Thanks for your reply.

Pinay


----------



## Feisty Mouse (Mar 31, 2005)

Hi Pinay

I sent you a little PM, not sure if it helps.


----------



## K Williams (Mar 31, 2005)

Guro Tom Bolden is in Poughkeepsie. The name of the school is American Modern Arnis Associates.

Guro Bob Sullen is in Kingston/Highland. The name of the school is Highland Martial Arts.

Those are the only two Arnis schools in upstate NY that I'm familiar with.


----------



## DoxN4cer (Mar 31, 2005)

Punong Guro Tom Bolden... I couldn't think of a better guy to train with in the Catskill area. 

American Modern Arnis Associates
International Headquarters
99 Garden Street
Poughkeepsie, NY USA 12601 

Phone: +1 (914) 471-0742
email: amaa_arnis@yahoo.com

http://www.geocities.com/amaa_arnis/

Tom is an awesome martial artist and has a lot to offer from FMA to CHA-3 Kenpo to Tai Chi.  He's pretty low key, and is not into commercialism.  Don't expect a million dollar "Martial Arts America" dojo. The training, however, is *first rate*. You should check him out. I have no doubt that you won't be disappointed.

I don't know much about Bob Sullen, aside from the fact that he was Tom Bolden's student once.  

r/

Tim Kashino


----------



## James Miller (Mar 31, 2005)

K Williams said:
			
		

> Guro Bob Sullen is in Kingston/Highland.
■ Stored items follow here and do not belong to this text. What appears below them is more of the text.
(* Consider the delay differential system \[ \begin{aligned} \dot T(t)&= s-dT(t)+aT(t)\Big(1-\frac{T(t)+I(t)}{T_{\max}}\Big)-\frac{bT(t)V(t)}{1+\alpha V(t)},\\ \dot I(t)&= \frac{bT(t-\tau)V(t-\tau)}{1+\alpha V(t-\tau)}+aI(t)\Big(1-\frac{T(t)+I(t)}{T_{\max}}\Big)-\mu I(t),\\ \dot V(t)&= pI(t)-cV(t), \end{aligned} \] with positive constants $s,d,a,T_{\max},b,\alpha,\mu,p,c$ satisfying $d\le\mu$, and $\tau\ge0$. Let \[ T_0=\frac{T_{\max}}{2a}\Big(a-d+\sqrt{(a-d)^2+\tfrac{4as}{T_{\max}}}\Big),\qquad R_0=\frac{1}{\mu}\Big[\frac{bpT_0}{c}+a\Big(1-\frac{T_0}{T_{\max}}\Big)\Big]. \] If $R_0>1$, then the system is permanent.
   Context: The system is permanent if it is dissipative (all solutions with positive initial data are ultimately bounded by a constant independent of the initial data) and uniformly persistent: there is $\eta>0$, independent of the initial data, such that every solution with positive continuous initial data on $[-\tau,0]$ satisfies $\liminf_{t\to\infty}T(t)\ge\eta$, $\liminf_{t\to\infty}I(t)\ge\eta$, $\liminf_{t\to\infty}V(t)\ge\eta$. *)

From Stdlib Require Import Reals Lra.
Open Scope R_scope.

Definition cont_on_from (tau : R) (f : R -> R) : Prop :=
  forall t, -tau <= t ->
    forall eps, 0 < eps -> exists delta, 0 < delta /\
      forall x, -tau <= x -> Rabs (x - t) < delta -> Rabs (f x - f t) < eps.

Definition cont_on_init (tau : R) (f : R -> R) : Prop :=
  forall t, -tau <= t <= 0 ->
    forall eps, 0 < eps -> exists delta, 0 < delta /\
      forall x, -tau <= x <= 0 -> Rabs (x - t) < delta -> Rabs (f x - f t) < eps.

Definition is_solution (s d a Tmax b alpha mu p c tau : R)
    (T I V : R -> R) : Prop :=
  cont_on_from tau T /\ cont_on_from tau I /\ cont_on_from tau V /\
  forall t, 0 < t ->
    derivable_pt_lim T t
      (s - d * T t + a * T t * (1 - (T t + I t) / Tmax)
         - b * T t * V t / (1 + alpha * V t)) /\
    derivable_pt_lim I t
      (b * T (t - tau) * V (t - tau) / (1 + alpha * V (t - tau))
         + a * I t * (1 - (T t + I t) / Tmax) - mu * I t) /\
    derivable_pt_lim V t (p * I t - c * V t).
The name of the school is Highland Martial Arts.



Sullen also trains Balintawak with GM Toaboda sp. If I recall he was GM Bobby's 1st fully certified person in the north east.


----------



## Guro Harold (Mar 31, 2005)

Not familiar with the area but Tuhon Bill McGrath is in Fishkill, NY, I think.

http://www.pekiti.com/


----------



## Pinay (Apr 1, 2005)

Feisty Mouse said:
			
		

> Hi Pinay
> 
> I sent you a little PM, not sure if it helps.



Hi Feisty,

Yes, I got your PM, thank you very much. Although, Buffalo is way too far from where I live, I should have specified on my original post where exactly in Upstate. _mea culpa_. 
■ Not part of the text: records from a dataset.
(* Consider a uniprocessor preemptive system scheduled by EDF (earliest absolute deadline first), containing an observer task $\tau_o$ and a victim task $\tau_v$ with integer periods $T_o$ and $T_v$, $T_o \neq T_v$, and implicit deadlines (each job arriving at time $a$ has absolute deadline $a$ plus its task's period). If some arrival of $\tau_v$ is observable by $\tau_o$, then $T_o > T_v$. (Equivalently: if $T_o < T_v$, no arrival of $\tau_v$ is observable by $\tau_o$.)
   Context: Time is discrete (integer ticks). A task $\tau_i$ has period $T_i$ (jobs arrive at times $a_i^{k+1}=a_i^k+T_i$) and relative deadline $D_i=T_i$, so the $k$-th job arriving at $a_i^k$ has absolute deadline $d_i^k=a_i^k+T_i$. Under EDF, among ready jobs the one with the smallest absolute deadline has the highest priority (ties broken arbitrarily). Observability: an arrival of $\tau_v$ at time $a_v$ (with deadline $d_v=a_v+T_v$) is observable by $\tau_o$ if $\tau_o$ has lower priority than $\tau_v$ at $a_v$, i.e. there is a job of $\tau_o$ with arrival $a_o \le a_v$ (the job of $\tau_o$ whose period contains $a_v$, $a_o\le a_v<a_o+T_o$) whose absolute deadline satisfies $d_o = a_o+T_o > d_v = a_v + T_v$. *)

From Stdlib Require Import ZArith.
Open Scope Z_scope.

Record task := Task { period : Z; phase : Z }.

Definition arrival (t : task) (k : nat) : Z := phase t + Z.of_nat k * period t.

Definition abs_deadline (t : task) (k : nat) : Z := arrival t k + period t.

(* Observability: the j-th arrival of the victim v is observable by the
   observer o iff the job of o whose period contains a_v (a_o <= a_v < a_o + T_o)
   has a strictly later absolute deadline than the victim job, i.e. o has
   lower EDF priority than v at a_v. *)
Definition observable (o v : task) (j : nat) : Prop :=
  exists k : nat,
    arrival o k <= arrival v j < arrival o k + period o /\
    abs_deadline o k > abs_deadline v j.

From Stdlib Require Import ZArith Lia.
Open Scope Z_scope.

Lemma observable_period_gt (o v : task) (j : nat) :
  observable o v j -> period o > period v.
Proof.
  intros [k [[arrival_o_le _] deadline_gt]].
  unfold abs_deadline in deadline_gt.
  lia.
Qed.

Theorem theorem1 (o v : task) :
  0 < period o -> 0 < period v -> period o <> period v ->
  (exists j : nat, observable o v j) ->
  period o > period v.
Proof.
  intros _ _ _ [j obs].
  exact (observable_period_gt o v j obs).
Qed.
(* Let $\{1,\mu_1,\mu_2,\mu_3\}$ be a quaternion basis ($\mu_1,\mu_2$ orthogonal pure unit quaternions, $\mu_3=\mu_1\mu_2$), and let $q=z_1+z_2\mu_2$ with $z_1,z_2$ random variables in $\mathbb{C}_{\mu_1}$ be a centered quaternion Gaussian random variable which is $(\mu_1,1)$-proper, i.e. $q\stackrel{d}{=}\mu_1 q$. Let ${\bf q}_{\mathbb{C}}=[z_1,z_1^{\star},z_2,z_2^{\star}]^T$. Then $$\mathbb{E}[{\bf q}_{\mathbb{C}}{\bf q}_{\mathbb{C}}^{\dagger}]=\begin{bmatrix}\sigma^2 & 0 & \omega & 0\\ 0 & \sigma^2 & 0 & \omega^{\star}\\ \omega^{\star} & 0 & \varsigma^2 & 0\\ 0 & \omega & 0 & \varsigma^2\end{bmatrix},$$ where $\sigma^2=\mathbb{E}[|z_1|^2]\in\mathbb{R}$, $\varsigma^2=\mathbb{E}[|z_2|^2]\in\mathbb{R}$ and $\omega=\mathbb{E}[z_1z_2^{\star}]\in\mathbb{C}_{\mu_1}$.
   Context: $\mathbb{H}$ denotes the quaternions; $\mathbb{C}_{\mu_1}=\mathbb{R}\oplus\mu_1\mathbb{R}$ is the commutative subfield isomorphic to $\mathbb{C}$; $^{\star}$ denotes conjugation and $\dagger$ conjugate transpose. A quaternion Gaussian random variable is one whose four real components are jointly Gaussian; centered means $\mathbb{E}[q]=0$. $\stackrel{d}{=}$ denotes equality in distribution. *)

From HB Require Import structures.
From mathcomp Require Import all_boot all_order all_algebra.
From mathcomp Require Import all_classical all_reals all_analysis.
Set Implicit Arguments. Unset Strict Implicit. Unset Printing Implicit Defensive.
Import Order.TTheory GRing.Theory Num.Theory.
Local Open Scope classical_set_scope.
Local Open Scope ring_scope.

Record quat (R : Type) := Quat { qr : R; qi : R; qj : R; qk : R }.
Arguments qr {R}. Arguments qi {R}. Arguments qj {R}. Arguments qk {R}. Arguments Quat {R}.

Section Quat.
Variable R : realType.
Definition qzero : quat R := Quat 0 0 0 0.
Definition qreal (a : R) : quat R := Quat a 0 0 0.
Definition qadd (p q : quat R) : quat R :=
  Quat (qr p + qr q) (qi p + qi q) (qj p + qj q) (qk p + qk q).
Definition qscale (a : R) (p : quat R) : quat R :=
  Quat (a * qr p) (a * qi p) (a * qj p) (a * qk p).
Definition qmul (p q : quat R) : quat R :=
  Quat (qr p * qr q - qi p * qi q - qj p * qj q - qk p * qk q)
       (qr p * qi q + qi p * qr q + qj p * qk q - qk p * qj q)
       (qr p * qj q - qi p * qk q + qj p * qr q + qk p * qi q)
       (qr p * qk q + qi p * qj q - qj p * qi q + qk p * qr q).
Definition qconj (p : quat R) : quat R := Quat (qr p) (- qi p) (- qj p) (- qk p).
Definition qdot (p q : quat R) : R :=
  qr p * qr q + qi p * qi q + qj p * qj q + qk p * qk q.
Definition qnorm2 (p : quat R) : R := qdot p p.
Definition pure (p : quat R) : Prop := qr p = 0.
Definition unit_quat (p : quat R) : Prop := qnorm2 p = 1.
Definition quat_basis (mu1 mu2 : quat R) : Prop :=
  [/\ pure mu1, pure mu2, unit_quat mu1, unit_quat mu2 & qdot mu1 mu2 = 0].
Definition in_Cmu (mu1 p : quat R) : Prop :=
  exists a b : R, p = qadd (qreal a) (qscale b mu1).
Definition vec4 (p : quat R) : (R * R) * (R * R) := ((qr p, qi p), (qj p, qk p)).
End Quat.

Section Prob.
Context {d : measure_display} {T : measurableType d} {R : realType}.
Variable P : probability T R.

Definition quat_rv (X : T -> quat R) : Prop :=
  [/\ measurable_fun setT (qr \o X), measurable_fun setT (qi \o X),
      measurable_fun setT (qj \o X) & measurable_fun setT (qk \o X)].

Definition real_gaussian (X : T -> R) : Prop :=
  exists m s : R,
    (s = 0 /\ forall A, measurable A -> P (X @^-1` A) = \d_m A) \/
    (0 < s /\ forall A, measurable A -> P (X @^-1` A) = normal_prob m s A).

(** the four real components are jointly Gaussian: every real linear
    combination of them is Gaussian *)
Definition quat_gaussian (X : T -> quat R) : Prop :=
  quat_rv X /\ forall c0 c1 c2 c3 : R,
    real_gaussian (fun w => c0 * qr (X w) + c1 * qi (X w)
                            + c2 * qj (X w) + c3 * qk (X w)).

Definition qexpect (X : T -> quat R) : quat R :=
  Quat (fine ('E_P[qr \o X])%E) (fine ('E_P[qi \o X])%E)
       (fine ('E_P[qj \o X])%E) (fine ('E_P[qk \o X])%E).

Definition centered (X : T -> quat R) : Prop :=
  [/\ ('E_P[qr \o X] = 0)%E, ('E_P[qi \o X] = 0)%E,
      ('E_P[qj \o X] = 0)%E & ('E_P[qk \o X] = 0)%E].

Definition quat_eq_dist (X Y : T -> quat R) : Prop :=
  forall A : set ((R * R) * (R * R)), measurable A ->
    P ((@vec4 R \o X) @^-1` A) = P ((@vec4 R \o Y) @^-1` A).
End Prob.

From HB Require Import structures.
From mathcomp Require Import all_boot all_order all_algebra.
From mathcomp Require Import all_classical all_reals all_analysis.
From mathcomp Require Import measurable_realfun.
From mathcomp Require Import ring lra.
Set Implicit Arguments. Unset Strict Implicit. Unset Printing Implicit Defensive.
Import Order.TTheory GRing.Theory Num.Theory.
Local Open Scope classical_set_scope.
Local Open Scope ring_scope.

(** Write q in the basis {1, mu1, mu2, mu1 mu2}: its coordinates are the real
    and imaginary parts (a, b, c, e) of z1 = a + b mu1 and z2 = c + e mu1.
    Left multiplication by mu1 acts on these coordinates as multiplication by
    the imaginary unit on C^2, so properness says that the law of (z1, z2) is
    invariant under (z1, z2) |-> (i z1, i z2).  Each entry (i, j) of
    E[q_C q_C^H] is the expectation of a quadratic form in the coordinates,
    and when i + j is odd this form changes sign under the rotation, so its
    expectation vanishes.  The other entries agree pointwise with |z1|^2,
    |z2|^2, z1 z2^* or its conjugate. *)

Lemma fine_subeC (R : realType) (x y : \bar R) : fine (x - y)%E = - fine (y - x)%E.
Proof. by case: x => [x||]; case: y => [y||] //=; rewrite ?oppr0 // opprB. Qed.

Lemma fine_muleBr_ge0 (R : realType) (k : R) (x y : \bar R) : 0 <= k ->
  fine (k%:E * x - k%:E * y)%E = k * fine (x - y)%E.
Proof.
rewrite le_eqVlt => /predU1P[<-|k0]; first by rewrite !mul0e subee // mul0r.
by case: x => [x||]; case: y => [y||] //=;
  rewrite ?gt0_muley ?gt0_muleNy ?lte_fin //= ?mulr0 // mulrBr.
Qed.

Section fine_expectation.
Context d (T : measurableType d) (R : realType) (P : probability T R).

Lemma fine_expectationN (f : T -> R) :
  fine 'E_P[fun w => - f w] = - fine 'E_P[f].
Proof.
rewrite unlock integralE [in RHS]integralE.
have -> : (fun w => (- f w)%:E) = (\- (EFin \o f))%E by apply/funext => w; rewrite EFinN.
by rewrite funeposN funenegN fine_subeC.
Qed.

Lemma fine_expectationZ (f : T -> R) (k : R) : measurable_fun setT f ->
  fine 'E_P[fun w => k * f w] = k * fine 'E_P[f].
Proof.
move=> mf; wlog k0 : k / 0 <= k.
  move=> ge0Z; have [/ge0Z//|/ltW] := leP 0 k.
  rewrite -oppr_ge0 => /ge0Z kfE.
  have -> : (fun w => k * f w) = (fun w => - (- k * f w)).
    by apply/funext => w; rewrite mulNr opprK.
  by rewrite fine_expectationN kfE mulNr opprK.
rewrite unlock integralE [in RHS]integralE.
have -> : (fun w => (k * f w)%:E) = (fun w => k%:E * (f w)%:E)%E.
  by apply/funext => w; rewrite EFinM.
have mfE : measurable_fun setT (fun w => (f w)%:E) by exact/measurable_EFinP.
rewrite ge0_funeposM // ge0_funenegM // !ge0_integralZl_EFin //.
- exact: fine_muleBr_ge0.
- exact: measurable_funeneg.
- exact: measurable_funepos.
Qed.

End fine_expectation.

Section law_invariance.
Context d (T : measurableType d) (R : realType) (P : probability T R).
Context d' (Y : measurableType d').
Variables (U V : T -> Y).
Hypotheses (mU : measurable_fun setT U) (mV : measurable_fun setT V).
Hypothesis UV_law : forall A, measurable A -> P (U @^-1` A) = P (V @^-1` A).

Lemma ge0_integral_comp_eq_law (G : Y -> \bar R) :
  measurable_fun setT G -> (forall y, (0 <= G y)%E) ->
  (\int[P]_w G (U w) = \int[P]_w G (V w))%E.
Proof.
move=> mG G0.
have pushU := ge0_integral_pushforward mU P measurableT mG (fun y _ => G0 y).
have pushV := ge0_integral_pushforward mV P measurableT mG (fun y _ => G0 y).
rewrite !preimage_setT in pushU pushV.
rewrite -pushU -pushV; apply: eq_measure_integral => A mA _.
exact: UV_law.
Qed.

Lemma expectation_comp_eq_law (g : Y -> R) : measurable_fun setT g ->
  ('E_P[g \o U] = 'E_P[g \o V])%E.
Proof.
move=> mg; rewrite unlock integralE [RHS]integralE.
have mgE : measurable_fun setT (EFin \o g) by exact/measurable_EFinP.
have -> : (fun w => ((g \o U) w)%:E) = EFin \o g \o U by [].
have -> : (fun w => ((g \o V) w)%:E) = EFin \o g \o V by [].
rewrite (funepos_comp _ U) (funeneg_comp _ U) (funepos_comp _ V) (funeneg_comp _ V).
rewrite (ge0_integral_comp_eq_law (measurable_funepos mgE)) ?funepos_ge0 //.
by rewrite (ge0_integral_comp_eq_law (measurable_funeneg mgE)) ?funeneg_ge0.
Qed.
Thanks to all who replied. Will check those out.


----------



## Datu Tim Hartman (Apr 1, 2005)

Pinay said:
			
		

> I am in the Catskill region, but could travel as far as Kingston to Albany



I'll be doing a seminar out there in a couple weeks. Here is the info if you're interested.
*
· April 16th, Albany, NY.
Grand Master Huk Planas and Datu Hartman* will be teaching a *"Double Header"* seminar on Parker's Kenpo and *Presas Modern Arnis Stick & Knife Concepts. *For more information contact Jeff Blay at 518-370-4757 or e-mail jblay1@nycap.rr.com

 :asian:


----------



## Cruentus (Apr 1, 2005)

Pinay said:
			
		

> I should have specified on my original post where exactly in Upstate. _mea culpa_.
> 
> Thanks to all who replied. Will check those out.



No big deal.

Since "Upstate New York is sort of big, I figured the best help I could give was ask the question.
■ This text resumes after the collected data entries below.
(* For a locally compact metrizable topological group $G$, $G$ is NSS if and only if $G$ is TAP.
   Context: $e$ is the neutral element; $\prod_{k=1}^n a_k=a_1\cdots a_n$. $G$ is NSS if some neighborhood of $e$ contains no nontrivial subgroup of $G$. A sequence $(g_n)$ in $G$ is hyper-multipliable if for every integer sequence $(m_n)$ the sequence $\left(\prod_{k=1}^n g_k^{m_k}\right)_n$ converges in $G$. A subset $A\subset G$ is absolutely productive if every sequence of pairwise distinct elements of $A$ is hyper-multipliable. $G$ is TAP if every absolutely productive subset of $G$ is finite. *)

From Stdlib Require Import Reals ZArith List Classical.
Open Scope R_scope.

Section TopGroup.
Context {G : Type} (mul : G -> G -> G) (inv : G -> G) (e : G)
        (opn : (G -> Prop) -> Prop).

Definition is_group : Prop :=
  (forall x y z, mul x (mul y z) = mul (mul x y) z) /\
  (forall x, mul e x = x) /\ (forall x, mul x e = x) /\
  (forall x, mul (inv x) x = e) /\ (forall x, mul x (inv x) = e).

Definition is_topology : Prop :=
  opn (fun _ => True) /\ opn (fun _ => False) /\
  (forall U V, opn U -> opn V -> opn (fun x => U x /\ V x)) /\
  (forall F : (G -> Prop) -> Prop, (forall U, F U -> opn U) ->
     opn (fun x => exists U, F U /\ U x)).

(* continuity of multiplication G x G -> G (product topology) and inversion *)
Definition is_topological_group : Prop :=
  is_group /\ is_topology /\
  (forall x y W, opn W -> W (mul x y) ->
     exists U V, opn U /\ opn V /\ U x /\ V y /\
       (forall u v, U u -> V v -> W (mul u v))) /\
  (forall W, opn W -> opn (fun x => W (inv x))).

Definition is_metric (d : G -> G -> R) : Prop :=
  (forall x y, 0 <= d x y) /\ (forall x y, d x y = 0 <-> x = y) /\
  (forall x y, d x y = d y x) /\
  (forall x y z, d x z <= d x y + d y z).

Definition metrizable : Prop :=
  exists d : G -> G -> R, is_metric d /\
    forall U, opn U <-> (forall x, U x -> exists eps, 0 < eps /\
                            forall y, d x y < eps -> U y).

Definition nbhd (x : G) (V : G -> Prop) : Prop :=
  exists U, opn U /\ U x /\ forall y, U y -> V y.

Definition compact (K : G -> Prop) : Prop :=
  forall F : (G -> Prop) -> Prop, (forall U, F U -> opn U) ->
    (forall x, K x -> exists U, F U /\ U x) ->
    exists l : list (G -> Prop), (forall U, In U l -> F U) /\
      (forall x, K x -> exists U, In U l /\ U x).

Definition locally_compact : Prop :=
  forall x, exists K, compact K /\ nbhd x K.

Definition is_subgroup (H : G -> Prop) : Prop :=
  H e /\ (forall x y, H x -> H y -> H (mul x y)) /\ (forall x, H x -> H (inv x)).

Definition NSS : Prop :=
  exists V, nbhd e V /\
    forall H, is_subgroup H -> (forall x, H x -> V x) -> forall x, H x -> x = e.

Definition converges (s : nat -> G) (x : G) : Prop :=
  forall U, opn U -> U x -> exists N, forall n, (N <= n)%nat -> U (s n).

Fixpoint gpow (g : G) (n : nat) : G :=
  match n with O => e | S n => mul (gpow g n) g end.

Definition zpow (g : G) (m : Z) : G :=
  match m with
  | Z0 => e
  | Zpos p => gpow g (Pos.to_nat p)
  | Zneg p => inv (gpow g (Pos.to_nat p))
  end.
You have a lot of good options though;

Best wishes on your training and I hope you find what you're looking for.

Paul


----------



## loki09789 (Apr 1, 2005)

DoxN4cer said:
			
		

> Punong Guro Tom Bolden... I couldn't think of a better guy to train with in the Catskill area.
> 
> American Modern Arnis Associates
> International Headquarters
> ...


I would second that recommendation.  T.Bolden moves very softly/Tai Chi-ish in his FMA/Kenpo system.  He also has trained and is ranked in TKD and Caporiea (though he doesn't claim to teach these arts they do influence his training and instruction) along with the afore mentioned Tai Chi.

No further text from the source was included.